Lemma gsum_ext n f g : (forall k, f k = g k) -> gsum n f = gsum n g.
Proof. intros H; induction n; [reflexivity|]. rewrite !gsum_S, IHn, H; reflexivity. Qed.

Lemma gsum_add n f g : gsum n (fun k => f k + g k) = gsum n f + gsum n g.
Proof. induction n; [unfold gsum; simpl; lra|]. rewrite !gsum_S, IHn; lra. Qed.

Lemma gsum_sub n f g : gsum n (fun k => f k - g k) = gsum n f - gsum n g.
Proof. induction n; [unfold gsum; simpl; lra|]. rewrite !gsum_S, IHn; lra. Qed.

Lemma gsum_opp n f : gsum n (fun k => - f k) = - gsum n f.
Proof. induction n; [unfold gsum; simpl; lra|]. rewrite !gsum_S, IHn; lra. Qed.

Lemma gsum_scal n c f : gsum n (fun k => c * f k) = c * gsum n f.
Proof. induction n; [unfold gsum; simpl; lra|]. rewrite !gsum_S, IHn; lra. Qed.

Lemma gsum_le n f g : (forall k, f k <= g k) -> gsum n f <= gsum n g.
Proof.
  intros H; induction n; [unfold gsum; simpl; lra|].
  rewrite !gsum_S. specialize (H (Z.of_nat n + 1)%Z). lra.
Qed.

Lemma gsum_abs n f : Rabs (gsum n f) <= gsum n (fun k => Rabs (f k)).
Proof.
  induction n; [unfold gsum; simpl; rewrite Rabs_R0; lra|].
  rewrite !gsum_S. eapply Rle_trans; [apply Rabs_triang|]. lra.
Qed.

Lemma gsum_succ_shift n f :
  gsum n (fun k => f (k + 1)%Z) = gsum n f + f (Z.of_nat n + 1)%Z - f 1%Z.
Proof.
  induction n; [unfold gsum; simpl; lra|]. rewrite !gsum_S, IHn.
  replace (Z.of_nat (S n)) with (Z.of_nat n + 1)%Z by lia. lra.
Qed.

Lemma periodic_grid_eq K (v : gridfun) a b :
  periodic_grid K v -> a = (b + Z.of_nat K)%Z -> v a = v b.
Proof. intros H ->. apply H. Qed.

Ltac periodicity :=
  try unfold periodic_grid; intros; cbv beta; repeat first
    [ reflexivity | eapply periodic_grid_eq; [eassumption | lia] | f_equal ].

Ltac simpl_Z_shifts := repeat rewrite ?Z.add_simpl_r, ?Z.sub_add in *.

Section PeriodicSums.
Variables (K : nat) (f : gridfun).
Hypothesis Pf : periodic_grid K f.

Lemma gsum_shift : gsum K (fun k => f (k + 1)%Z) = gsum K f.
Proof.
  rewrite gsum_succ_shift, <- (Pf 1%Z).
  replace (1 + Z.of_nat K)%Z with (Z.of_nat K + 1)%Z by lia. lra.
Qed.

Lemma gsum_telescope : gsum K (fun k => f (k + 1)%Z - f k) = 0.
Proof. rewrite gsum_sub, gsum_shift. lra. Qed.

Lemma gsum_eq_telescope (F G : gridfun) :
  (forall k, F k = G k + (f (k + 1)%Z - f k)) -> gsum K F = gsum K G.
Proof. intros H. rewrite (gsum_ext _ _ _ H), gsum_add, gsum_telescope. lra. Qed.

End PeriodicSums.

Lemma gsum_shift_pred K f :
  periodic_grid K f -> gsum K (fun k => f (k - 1)%Z) = gsum K f.
Proof.
  intros Pf. rewrite <- (gsum_shift K (fun k => f (k - 1)%Z)).
  - apply gsum_ext. intro k. f_equal. lia.
  - periodicity.
Qed.

Lemma periodic_grid_shift_nat K (v : gridfun) : periodic_grid K v ->
  forall n b, v (b + Z.of_nat K * Z.of_nat n)%Z = v b.
Proof.
  intros H n. induction n as [|n IH]; intro b; [f_equal; lia|].
  rewrite <- (IH b), <- (H (b + Z.of_nat K * Z.of_nat n)%Z). f_equal. lia.
Qed.

Lemma periodic_grid_shift K (v : gridfun) : periodic_grid K v ->
  forall n b, v (b + Z.of_nat K * n)%Z = v b.
Proof.
  intros H n b. destruct (Z_le_gt_dec 0 n).
  - rewrite <- (Z2Nat.id n) by lia. apply periodic_grid_shift_nat; auto.
  - rewrite <- (periodic_grid_shift_nat K v H (Z.to_nat (- n)) (b + Z.of_nat K * n)%Z).
    f_equal. rewrite Z2Nat.id by lia. lia.
Qed.

Lemma fold_right_Rmax_nonneg {A} (g : A -> R) l : 0 <= fold_right Rmax 0 (map g l).
Proof. induction l; simpl; [lra|]. eapply Rle_trans; [apply IHl | apply Rmax_r]. Qed.

Lemma fold_right_Rmax_ge {A} (g : A -> R) l p : In p l -> g p <= fold_right Rmax 0 (map g l).
Proof.
  induction l as [|x l IH]; simpl; [tauto|]. intros [-> | H]; [apply Rmax_l|].
  eapply Rle_trans; [apply IH; auto | apply Rmax_r].
Qed.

·····

### [ACTION ITEM]
Every line of the data should be output exactly as it was given.

### [SOLVED PROBLEM]
Lemma gsum_ext n f g : (forall k, f k = g k) -> gsum n f = gsum n g.
Proof. intros H; induction n; [reflexivity|]. rewrite !gsum_S, IHn, H; reflexivity. Qed.

Lemma gsum_add n f g : gsum n (fun k => f k + g k) = gsum n f + gsum n g.
Proof. induction n; [unfold gsum; simpl; lra|]. rewrite !gsum_S, IHn; lra. Qed.

Lemma gsum_sub n f g : gsum n (fun k => f k - g k) = gsum n f - gsum n g.
Proof. induction n; [unfold gsum; simpl; lra|]. rewrite !gsum_S, IHn; lra. Qed.

Lemma gsum_opp n f : gsum n (fun k => - f k) = - gsum n f.
Proof. induction n; [unfold gsum; simpl; lra|]. rewrite !gsum_S, IHn; lra. Qed.

Lemma gsum_scal n c f : gsum n (fun k => c * f k) = c * gsum n f.
Proof. induction n; [unfold gsum; simpl; lra|]. rewrite !gsum_S, IHn; lra. Qed.

Lemma gsum_le n f g : (forall k, f k <= g k) -> gsum n f <= gsum n g.
Proof.
  intros H; induction n; [unfold gsum; simpl; lra|].
  rewrite !gsum_S. specialize (H (Z.of_nat n + 1)%Z). lra.
Qed.

Lemma gsum_abs n f : Rabs (gsum n f) <= gsum n (fun k => Rabs (f k)).
Proof.
  induction n; [unfold gsum; simpl; rewrite Rabs_R0; lra|].
  rewrite !gsum_S. eapply Rle_trans; [apply Rabs_triang|]. lra.
Qed.

Lemma gsum_succ_shift n f :
  gsum n (fun k => f (k + 1)%Z) = gsum n f + f (Z.of_nat n + 1)%Z - f 1%Z.
Proof.
  induction n; [unfold gsum; simpl; lra|]. rewrite !gsum_S, IHn.
  replace (Z.of_nat (S n)) with (Z.of_nat n + 1)%Z by lia. lra.
Qed.

Lemma periodic_grid_eq K (v : gridfun) a b :
  periodic_grid K v -> a = (b + Z.of_nat K)%Z -> v a = v b.
Proof. intros H ->. apply H. Qed.

Ltac periodicity :=
  try unfold periodic_grid; intros; cbv beta; repeat first
    [ reflexivity | eapply periodic_grid_eq; [eassumption | lia] | f_equal ].

Ltac simpl_Z_shifts := repeat rewrite ?Z.add_simpl_r, ?Z.sub_add in *.

Section PeriodicSums.
Variables (K : nat) (f : gridfun).
Hypothesis Pf : periodic_grid K f.

Lemma gsum_shift : gsum K (fun k => f (k + 1)%Z) = gsum K f.
Proof.
  rewrite gsum_succ_shift, <- (Pf 1%Z).
  replace (1 + Z.of_nat K)%Z with (Z.of_nat K + 1)%Z by lia. lra.
Qed.

Lemma gsum_telescope : gsum K (fun k => f (k + 1)%Z - f k) = 0.
Proof. rewrite gsum_sub, gsum_shift. lra. Qed.

Lemma gsum_eq_telescope (F G : gridfun) :
  (forall k, F k = G k + (f (k + 1)%Z - f k)) -> gsum K F = gsum K G.
Proof. intros H. rewrite (gsum_ext _ _ _ H), gsum_add, gsum_telescope. lra. Qed.

End PeriodicSums.

Lemma gsum_shift_pred K f :
  periodic_grid K f -> gsum K (fun k => f (k - 1)%Z) = gsum K f.
Proof.
  intros Pf. rewrite <- (gsum_shift K (fun k => f (k - 1)%Z)).
  - apply gsum_ext. intro k. f_equal. lia.
  - periodicity.
Qed.

Lemma periodic_grid_shift_nat K (v : gridfun) : periodic_grid K v ->
  forall n b, v (b + Z.of_nat K * Z.of_nat n)%Z = v b.
Proof.
  intros H n. induction n as [|n IH]; intro b; [f_equal; lia|].
  rewrite <- (IH b), <- (H (b + Z.of_nat K * Z.of_nat n)%Z). f_equal. lia.
Qed.

Lemma periodic_grid_shift K (v : gridfun) : periodic_grid K v ->
  forall n b, v (b + Z.of_nat K * n)%Z = v b.
Proof.
  intros H n b. destruct (Z_le_gt_dec 0 n).
  - rewrite <- (Z2Nat.id n) by lia. apply periodic_grid_shift_nat; auto.
  - rewrite <- (periodic_grid_shift_nat K v H (Z.to_nat (- n)) (b + Z.of_nat K * n)%Z).
    f_equal. rewrite Z2Nat.id by lia. lia.
Qed.

Lemma fold_right_Rmax_nonneg {A} (g : A -> R) l : 0 <= fold_right Rmax 0 (map g l).
Proof. induction l; simpl; [lra|]. eapply Rle_trans; [apply IHl | apply Rmax_r]. Qed.

Lemma fold_right_Rmax_ge {A} (g : A -> R) l p : In p l -> g p <= fold_right Rmax 0 (map g l).
Proof.
  induction l as [|x l IH]; simpl; [tauto|]. intros [-> | H]; [apply Rmax_l|].
  eapply Rle_trans; [apply IH; auto | apply Rmax_r].
Qed.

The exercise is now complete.